Data for review START

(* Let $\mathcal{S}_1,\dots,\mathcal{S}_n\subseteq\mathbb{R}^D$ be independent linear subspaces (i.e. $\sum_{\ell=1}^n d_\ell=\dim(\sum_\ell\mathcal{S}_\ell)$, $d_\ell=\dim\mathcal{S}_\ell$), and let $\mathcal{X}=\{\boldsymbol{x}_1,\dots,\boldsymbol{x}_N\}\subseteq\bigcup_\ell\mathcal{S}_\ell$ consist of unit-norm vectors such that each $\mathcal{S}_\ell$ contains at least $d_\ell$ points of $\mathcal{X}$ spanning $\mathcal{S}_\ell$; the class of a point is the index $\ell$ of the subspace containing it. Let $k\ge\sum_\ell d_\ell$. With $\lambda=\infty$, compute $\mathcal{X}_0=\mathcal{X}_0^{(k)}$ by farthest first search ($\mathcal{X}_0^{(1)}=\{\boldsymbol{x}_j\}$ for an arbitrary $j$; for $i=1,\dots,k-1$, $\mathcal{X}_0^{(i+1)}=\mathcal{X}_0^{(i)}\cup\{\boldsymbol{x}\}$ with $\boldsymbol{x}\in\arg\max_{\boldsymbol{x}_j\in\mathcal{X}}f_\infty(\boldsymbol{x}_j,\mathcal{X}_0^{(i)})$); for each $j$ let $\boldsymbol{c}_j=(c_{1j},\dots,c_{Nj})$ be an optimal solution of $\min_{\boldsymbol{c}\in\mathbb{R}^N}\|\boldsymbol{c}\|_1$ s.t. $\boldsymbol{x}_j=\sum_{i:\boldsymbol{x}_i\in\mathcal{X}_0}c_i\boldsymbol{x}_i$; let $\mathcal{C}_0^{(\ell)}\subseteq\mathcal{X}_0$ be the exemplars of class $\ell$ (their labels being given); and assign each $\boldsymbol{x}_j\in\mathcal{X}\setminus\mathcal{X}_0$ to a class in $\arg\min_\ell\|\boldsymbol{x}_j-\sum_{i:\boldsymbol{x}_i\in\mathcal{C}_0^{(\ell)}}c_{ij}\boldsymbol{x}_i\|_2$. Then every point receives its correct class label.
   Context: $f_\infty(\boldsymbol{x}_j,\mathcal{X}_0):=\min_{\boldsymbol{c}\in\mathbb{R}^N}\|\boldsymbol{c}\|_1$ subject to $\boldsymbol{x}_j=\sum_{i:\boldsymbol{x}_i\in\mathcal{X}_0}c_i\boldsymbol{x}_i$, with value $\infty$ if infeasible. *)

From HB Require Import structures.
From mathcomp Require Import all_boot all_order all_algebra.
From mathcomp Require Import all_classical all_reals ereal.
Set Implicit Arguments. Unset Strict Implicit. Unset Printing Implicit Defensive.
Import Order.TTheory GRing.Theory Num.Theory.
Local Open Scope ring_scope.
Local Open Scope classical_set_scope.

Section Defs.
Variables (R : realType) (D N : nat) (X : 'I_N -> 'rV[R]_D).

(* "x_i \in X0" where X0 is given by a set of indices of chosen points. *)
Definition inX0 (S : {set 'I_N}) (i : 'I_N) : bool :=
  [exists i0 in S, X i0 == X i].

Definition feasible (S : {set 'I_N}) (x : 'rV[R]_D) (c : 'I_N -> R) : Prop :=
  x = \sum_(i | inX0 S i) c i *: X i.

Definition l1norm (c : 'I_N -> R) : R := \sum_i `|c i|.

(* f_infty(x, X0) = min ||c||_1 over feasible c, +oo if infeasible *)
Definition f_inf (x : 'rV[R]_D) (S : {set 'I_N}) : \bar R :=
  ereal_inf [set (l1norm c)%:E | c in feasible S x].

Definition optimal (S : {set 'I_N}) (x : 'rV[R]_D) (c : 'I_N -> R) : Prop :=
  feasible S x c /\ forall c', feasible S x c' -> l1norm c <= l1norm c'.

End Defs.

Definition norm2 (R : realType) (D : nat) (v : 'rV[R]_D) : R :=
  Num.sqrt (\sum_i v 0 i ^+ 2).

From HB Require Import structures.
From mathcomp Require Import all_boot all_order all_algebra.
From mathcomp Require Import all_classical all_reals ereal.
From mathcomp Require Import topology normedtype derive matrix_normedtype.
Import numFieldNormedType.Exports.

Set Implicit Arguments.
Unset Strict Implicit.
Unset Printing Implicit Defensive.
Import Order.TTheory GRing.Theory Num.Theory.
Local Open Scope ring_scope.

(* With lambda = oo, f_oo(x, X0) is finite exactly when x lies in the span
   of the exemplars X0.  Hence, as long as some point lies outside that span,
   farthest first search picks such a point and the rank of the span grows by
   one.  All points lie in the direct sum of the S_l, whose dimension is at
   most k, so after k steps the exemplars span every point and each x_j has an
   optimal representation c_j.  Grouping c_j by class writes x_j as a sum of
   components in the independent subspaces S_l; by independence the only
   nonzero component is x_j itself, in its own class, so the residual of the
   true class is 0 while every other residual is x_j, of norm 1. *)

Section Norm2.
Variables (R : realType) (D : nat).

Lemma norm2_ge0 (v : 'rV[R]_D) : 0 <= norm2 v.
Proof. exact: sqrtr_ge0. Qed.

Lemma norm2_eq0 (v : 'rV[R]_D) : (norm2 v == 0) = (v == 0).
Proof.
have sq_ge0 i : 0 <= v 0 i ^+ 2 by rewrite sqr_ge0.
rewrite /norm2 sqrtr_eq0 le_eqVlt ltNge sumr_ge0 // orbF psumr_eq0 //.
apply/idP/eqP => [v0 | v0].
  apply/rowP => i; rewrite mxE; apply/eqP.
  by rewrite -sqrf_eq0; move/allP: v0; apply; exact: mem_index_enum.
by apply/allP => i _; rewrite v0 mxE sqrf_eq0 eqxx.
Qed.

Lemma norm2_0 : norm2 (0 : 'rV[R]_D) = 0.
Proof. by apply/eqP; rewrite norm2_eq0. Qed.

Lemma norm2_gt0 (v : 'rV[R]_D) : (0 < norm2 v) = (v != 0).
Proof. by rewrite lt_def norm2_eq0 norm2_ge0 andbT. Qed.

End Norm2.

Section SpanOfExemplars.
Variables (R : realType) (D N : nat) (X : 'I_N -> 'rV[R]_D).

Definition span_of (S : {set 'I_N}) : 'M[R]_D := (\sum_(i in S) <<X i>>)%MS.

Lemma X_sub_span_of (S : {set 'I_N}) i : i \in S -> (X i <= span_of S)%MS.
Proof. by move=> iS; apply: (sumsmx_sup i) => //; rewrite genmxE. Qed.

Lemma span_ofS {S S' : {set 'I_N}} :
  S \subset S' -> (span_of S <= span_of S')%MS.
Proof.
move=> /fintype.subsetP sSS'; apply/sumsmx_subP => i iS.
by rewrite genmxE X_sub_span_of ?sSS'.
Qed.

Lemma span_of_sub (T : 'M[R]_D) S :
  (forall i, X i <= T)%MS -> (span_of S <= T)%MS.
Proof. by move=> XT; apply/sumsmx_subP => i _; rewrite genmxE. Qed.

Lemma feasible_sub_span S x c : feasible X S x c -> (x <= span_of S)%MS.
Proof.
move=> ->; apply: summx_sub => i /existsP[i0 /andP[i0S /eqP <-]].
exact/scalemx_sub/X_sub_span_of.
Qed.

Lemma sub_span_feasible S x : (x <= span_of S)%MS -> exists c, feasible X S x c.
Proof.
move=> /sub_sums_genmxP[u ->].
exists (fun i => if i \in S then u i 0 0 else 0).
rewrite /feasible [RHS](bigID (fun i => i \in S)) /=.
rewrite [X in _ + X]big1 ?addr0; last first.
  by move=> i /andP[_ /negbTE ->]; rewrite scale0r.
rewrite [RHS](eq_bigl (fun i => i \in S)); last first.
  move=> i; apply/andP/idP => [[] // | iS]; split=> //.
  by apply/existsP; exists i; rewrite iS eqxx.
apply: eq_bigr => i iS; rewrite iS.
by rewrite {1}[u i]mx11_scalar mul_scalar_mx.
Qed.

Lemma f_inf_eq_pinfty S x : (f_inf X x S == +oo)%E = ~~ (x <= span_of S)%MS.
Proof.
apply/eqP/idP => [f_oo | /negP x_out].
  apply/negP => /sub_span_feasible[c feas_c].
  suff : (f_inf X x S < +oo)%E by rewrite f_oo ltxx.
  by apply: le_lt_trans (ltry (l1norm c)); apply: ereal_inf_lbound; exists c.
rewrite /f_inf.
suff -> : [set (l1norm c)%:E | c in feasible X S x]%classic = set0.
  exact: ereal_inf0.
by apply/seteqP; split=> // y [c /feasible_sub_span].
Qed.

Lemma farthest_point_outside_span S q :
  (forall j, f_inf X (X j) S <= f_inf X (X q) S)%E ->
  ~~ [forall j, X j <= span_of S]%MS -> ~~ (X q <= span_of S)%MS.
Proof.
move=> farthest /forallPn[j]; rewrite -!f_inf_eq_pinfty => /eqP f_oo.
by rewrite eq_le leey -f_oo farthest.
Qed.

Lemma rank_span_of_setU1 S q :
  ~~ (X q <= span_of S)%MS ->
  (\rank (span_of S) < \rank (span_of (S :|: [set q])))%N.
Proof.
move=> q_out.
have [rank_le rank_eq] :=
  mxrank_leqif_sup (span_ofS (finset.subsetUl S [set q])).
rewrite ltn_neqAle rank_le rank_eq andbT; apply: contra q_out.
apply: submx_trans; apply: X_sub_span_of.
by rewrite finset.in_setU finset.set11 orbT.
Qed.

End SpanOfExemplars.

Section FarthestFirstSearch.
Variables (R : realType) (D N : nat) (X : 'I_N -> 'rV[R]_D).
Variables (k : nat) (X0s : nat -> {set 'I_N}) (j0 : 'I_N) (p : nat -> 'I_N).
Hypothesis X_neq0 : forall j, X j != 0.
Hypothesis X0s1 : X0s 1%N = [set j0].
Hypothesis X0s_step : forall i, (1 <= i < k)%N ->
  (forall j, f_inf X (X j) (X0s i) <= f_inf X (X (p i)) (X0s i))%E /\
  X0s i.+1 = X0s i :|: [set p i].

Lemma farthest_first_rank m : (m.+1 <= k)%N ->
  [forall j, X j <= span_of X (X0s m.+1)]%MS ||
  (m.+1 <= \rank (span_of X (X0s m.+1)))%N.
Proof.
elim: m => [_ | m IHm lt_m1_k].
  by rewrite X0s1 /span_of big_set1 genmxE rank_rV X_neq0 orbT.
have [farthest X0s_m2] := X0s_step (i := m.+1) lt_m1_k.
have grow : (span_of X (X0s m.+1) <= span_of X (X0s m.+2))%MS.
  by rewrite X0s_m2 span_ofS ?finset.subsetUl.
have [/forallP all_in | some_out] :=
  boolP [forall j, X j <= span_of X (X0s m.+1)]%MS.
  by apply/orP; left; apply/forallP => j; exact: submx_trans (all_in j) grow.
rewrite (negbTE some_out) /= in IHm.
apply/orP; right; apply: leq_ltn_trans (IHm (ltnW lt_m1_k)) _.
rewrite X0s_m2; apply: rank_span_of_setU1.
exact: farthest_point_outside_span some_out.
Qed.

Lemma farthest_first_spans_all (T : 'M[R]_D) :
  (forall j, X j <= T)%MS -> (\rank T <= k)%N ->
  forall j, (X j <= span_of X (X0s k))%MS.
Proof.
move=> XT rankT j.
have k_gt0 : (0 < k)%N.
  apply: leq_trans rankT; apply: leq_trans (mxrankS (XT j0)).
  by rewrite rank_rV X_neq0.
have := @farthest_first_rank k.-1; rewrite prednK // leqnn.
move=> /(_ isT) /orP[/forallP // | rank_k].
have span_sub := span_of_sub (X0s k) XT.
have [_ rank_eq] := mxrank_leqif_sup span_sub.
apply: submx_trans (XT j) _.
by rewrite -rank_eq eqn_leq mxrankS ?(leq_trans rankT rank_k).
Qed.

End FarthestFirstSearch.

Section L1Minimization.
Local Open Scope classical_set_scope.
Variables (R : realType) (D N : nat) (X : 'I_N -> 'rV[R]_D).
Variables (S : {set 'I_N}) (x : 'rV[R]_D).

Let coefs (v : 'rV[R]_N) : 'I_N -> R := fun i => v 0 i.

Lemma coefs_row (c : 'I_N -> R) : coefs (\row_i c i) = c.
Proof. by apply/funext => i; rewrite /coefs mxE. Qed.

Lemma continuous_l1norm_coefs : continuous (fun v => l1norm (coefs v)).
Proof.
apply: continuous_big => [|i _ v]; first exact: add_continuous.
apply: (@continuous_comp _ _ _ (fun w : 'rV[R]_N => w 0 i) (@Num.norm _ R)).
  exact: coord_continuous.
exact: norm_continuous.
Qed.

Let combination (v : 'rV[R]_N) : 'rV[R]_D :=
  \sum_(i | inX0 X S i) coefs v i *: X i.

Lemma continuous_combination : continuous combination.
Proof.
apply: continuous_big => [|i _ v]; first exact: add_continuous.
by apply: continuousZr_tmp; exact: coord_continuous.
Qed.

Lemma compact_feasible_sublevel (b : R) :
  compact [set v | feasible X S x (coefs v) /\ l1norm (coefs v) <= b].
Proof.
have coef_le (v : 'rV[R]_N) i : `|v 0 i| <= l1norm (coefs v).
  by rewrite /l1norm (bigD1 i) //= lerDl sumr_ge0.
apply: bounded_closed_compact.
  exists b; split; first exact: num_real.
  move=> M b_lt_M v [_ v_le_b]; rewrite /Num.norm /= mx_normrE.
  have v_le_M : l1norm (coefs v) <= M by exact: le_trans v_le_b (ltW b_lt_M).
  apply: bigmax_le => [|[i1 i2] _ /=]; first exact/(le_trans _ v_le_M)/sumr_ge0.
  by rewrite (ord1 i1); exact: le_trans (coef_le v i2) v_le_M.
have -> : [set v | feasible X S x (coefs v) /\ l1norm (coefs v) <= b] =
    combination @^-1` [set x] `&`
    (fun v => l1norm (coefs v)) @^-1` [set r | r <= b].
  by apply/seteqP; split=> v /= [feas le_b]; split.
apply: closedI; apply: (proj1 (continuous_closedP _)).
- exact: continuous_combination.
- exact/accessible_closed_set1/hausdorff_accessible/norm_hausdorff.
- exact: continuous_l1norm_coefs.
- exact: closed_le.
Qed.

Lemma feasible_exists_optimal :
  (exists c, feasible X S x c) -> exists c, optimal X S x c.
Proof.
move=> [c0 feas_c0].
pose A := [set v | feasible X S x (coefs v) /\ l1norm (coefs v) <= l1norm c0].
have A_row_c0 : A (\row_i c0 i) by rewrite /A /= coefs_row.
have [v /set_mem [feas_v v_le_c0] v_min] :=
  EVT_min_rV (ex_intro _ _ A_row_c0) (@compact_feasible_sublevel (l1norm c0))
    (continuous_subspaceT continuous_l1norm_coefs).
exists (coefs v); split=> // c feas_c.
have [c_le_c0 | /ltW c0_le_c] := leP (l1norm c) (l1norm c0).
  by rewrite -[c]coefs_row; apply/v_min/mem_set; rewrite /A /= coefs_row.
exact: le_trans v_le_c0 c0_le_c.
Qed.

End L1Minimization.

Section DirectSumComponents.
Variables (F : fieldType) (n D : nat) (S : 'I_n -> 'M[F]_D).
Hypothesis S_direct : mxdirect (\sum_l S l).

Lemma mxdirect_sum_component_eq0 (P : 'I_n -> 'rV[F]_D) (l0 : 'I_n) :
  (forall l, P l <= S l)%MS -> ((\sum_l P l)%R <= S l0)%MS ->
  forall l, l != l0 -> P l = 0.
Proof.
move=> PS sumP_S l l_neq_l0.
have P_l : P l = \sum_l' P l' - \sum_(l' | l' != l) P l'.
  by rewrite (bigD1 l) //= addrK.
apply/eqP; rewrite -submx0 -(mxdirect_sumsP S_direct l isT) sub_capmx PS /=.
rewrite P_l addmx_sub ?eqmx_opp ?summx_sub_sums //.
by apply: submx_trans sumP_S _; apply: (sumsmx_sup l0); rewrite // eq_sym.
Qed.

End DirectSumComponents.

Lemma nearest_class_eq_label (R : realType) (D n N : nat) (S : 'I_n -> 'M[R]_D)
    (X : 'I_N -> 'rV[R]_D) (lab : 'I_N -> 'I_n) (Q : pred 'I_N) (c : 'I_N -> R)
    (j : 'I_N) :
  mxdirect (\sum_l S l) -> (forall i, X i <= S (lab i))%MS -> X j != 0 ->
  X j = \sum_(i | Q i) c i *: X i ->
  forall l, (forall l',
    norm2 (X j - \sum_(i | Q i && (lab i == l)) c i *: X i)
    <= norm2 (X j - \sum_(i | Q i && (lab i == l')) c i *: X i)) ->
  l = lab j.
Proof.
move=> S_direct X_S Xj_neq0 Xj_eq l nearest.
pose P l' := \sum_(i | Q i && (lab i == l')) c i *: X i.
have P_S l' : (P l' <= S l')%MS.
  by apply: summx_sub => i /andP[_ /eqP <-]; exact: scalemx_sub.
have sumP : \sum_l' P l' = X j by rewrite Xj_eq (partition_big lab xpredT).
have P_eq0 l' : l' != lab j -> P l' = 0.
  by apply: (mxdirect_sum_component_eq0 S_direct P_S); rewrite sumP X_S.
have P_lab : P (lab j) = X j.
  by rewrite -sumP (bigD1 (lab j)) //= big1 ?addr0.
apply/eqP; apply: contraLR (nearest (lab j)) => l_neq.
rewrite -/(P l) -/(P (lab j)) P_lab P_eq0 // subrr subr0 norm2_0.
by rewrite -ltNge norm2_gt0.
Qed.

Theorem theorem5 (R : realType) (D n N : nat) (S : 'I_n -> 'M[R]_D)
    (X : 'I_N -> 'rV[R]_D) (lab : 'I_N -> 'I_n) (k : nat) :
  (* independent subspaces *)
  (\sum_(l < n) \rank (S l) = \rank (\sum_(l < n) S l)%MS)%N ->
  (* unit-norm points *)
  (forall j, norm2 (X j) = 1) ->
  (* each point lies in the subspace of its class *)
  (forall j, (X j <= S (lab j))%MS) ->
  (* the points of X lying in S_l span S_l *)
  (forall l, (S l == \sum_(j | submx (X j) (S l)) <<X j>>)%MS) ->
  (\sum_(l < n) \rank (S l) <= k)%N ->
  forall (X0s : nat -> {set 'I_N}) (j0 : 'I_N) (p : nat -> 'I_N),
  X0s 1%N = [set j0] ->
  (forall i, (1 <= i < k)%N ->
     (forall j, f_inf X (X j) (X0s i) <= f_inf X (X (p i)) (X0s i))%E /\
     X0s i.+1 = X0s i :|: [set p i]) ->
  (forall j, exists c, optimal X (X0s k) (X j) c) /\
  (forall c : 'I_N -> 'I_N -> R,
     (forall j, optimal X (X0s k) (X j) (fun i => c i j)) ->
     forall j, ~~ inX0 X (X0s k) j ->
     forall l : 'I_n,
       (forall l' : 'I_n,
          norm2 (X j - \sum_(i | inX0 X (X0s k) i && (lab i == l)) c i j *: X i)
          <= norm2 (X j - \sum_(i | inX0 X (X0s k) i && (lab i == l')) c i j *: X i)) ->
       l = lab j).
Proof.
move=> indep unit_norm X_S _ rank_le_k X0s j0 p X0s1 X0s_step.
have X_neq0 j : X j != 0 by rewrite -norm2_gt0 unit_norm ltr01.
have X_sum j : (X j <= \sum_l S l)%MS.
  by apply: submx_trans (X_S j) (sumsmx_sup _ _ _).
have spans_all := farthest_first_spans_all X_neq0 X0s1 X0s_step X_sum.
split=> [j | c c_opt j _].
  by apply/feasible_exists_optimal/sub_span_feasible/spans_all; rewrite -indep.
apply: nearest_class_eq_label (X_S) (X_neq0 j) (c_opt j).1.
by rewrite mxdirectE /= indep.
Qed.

Data for review END

Begin with the first line of the data above and, please, print each line exactly until you have printed the line containing "[exists i0 in S, X i0 == X i]."; print nothing else.

▶ Task output:
(* Let $\mathcal{S}_1,\dots,\mathcal{S}_n\subseteq\mathbb{R}^D$ be independent linear subspaces (i.e. $\sum_{\ell=1}^n d_\ell=\dim(\sum_\ell\mathcal{S}_\ell)$, $d_\ell=\dim\mathcal{S}_\ell$), and let $\mathcal{X}=\{\boldsymbol{x}_1,\dots,\boldsymbol{x}_N\}\subseteq\bigcup_\ell\mathcal{S}_\ell$ consist of unit-norm vectors such that each $\mathcal{S}_\ell$ contains at least $d_\ell$ points of $\mathcal{X}$ spanning $\mathcal{S}_\ell$; the class of a point is the index $\ell$ of the subspace containing it. Let $k\ge\sum_\ell d_\ell$. With $\lambda=\infty$, compute $\mathcal{X}_0=\mathcal{X}_0^{(k)}$ by farthest first search ($\mathcal{X}_0^{(1)}=\{\boldsymbol{x}_j\}$ for an arbitrary $j$; for $i=1,\dots,k-1$, $\mathcal{X}_0^{(i+1)}=\mathcal{X}_0^{(i)}\cup\{\boldsymbol{x}\}$ with $\boldsymbol{x}\in\arg\max_{\boldsymbol{x}_j\in\mathcal{X}}f_\infty(\boldsymbol{x}_j,\mathcal{X}_0^{(i)})$); for each $j$ let $\boldsymbol{c}_j=(c_{1j},\dots,c_{Nj})$ be an optimal solution of $\min_{\boldsymbol{c}\in\mathbb{R}^N}\|\boldsymbol{c}\|_1$ s.t. $\boldsymbol{x}_j=\sum_{i:\boldsymbol{x}_i\in\mathcal{X}_0}c_i\boldsymbol{x}_i$; let $\mathcal{C}_0^{(\ell)}\subseteq\mathcal{X}_0$ be the exemplars of class $\ell$ (their labels being given); and assign each $\boldsymbol{x}_j\in\mathcal{X}\setminus\mathcal{X}_0$ to a class in $\arg\min_\ell\|\boldsymbol{x}_j-\sum_{i:\boldsymbol{x}_i\in\mathcal{C}_0^{(\ell)}}c_{ij}\boldsymbol{x}_i\|_2$. Then every point receives its correct class label.
   Context: $f_\infty(\boldsymbol{x}_j,\mathcal{X}_0):=\min_{\boldsymbol{c}\in\mathbb{R}^N}\|\boldsymbol{c}\|_1$ subject to $\boldsymbol{x}_j=\sum_{i:\boldsymbol{x}_i\in\mathcal{X}_0}c_i\boldsymbol{x}_i$, with value $\infty$ if infeasible. *)

From HB Require Import structures.
From mathcomp Require Import all_boot all_order all_algebra.
From mathcomp Require Import all_classical all_reals ereal.
Set Implicit Arguments. Unset Strict Implicit. Unset Printing Implicit Defensive.
Import Order.TTheory GRing.Theory Num.Theory.
Local Open Scope ring_scope.
Local Open Scope classical_set_scope.

Section Defs.
Variables (R : realType) (D N : nat) (X : 'I_N -> 'rV[R]_D).

(* "x_i \in X0" where X0 is given by a set of indices of chosen points. *)
Definition inX0 (S : {set 'I_N}) (i : 'I_N) : bool :=
  [exists i0 in S, X i0 == X i].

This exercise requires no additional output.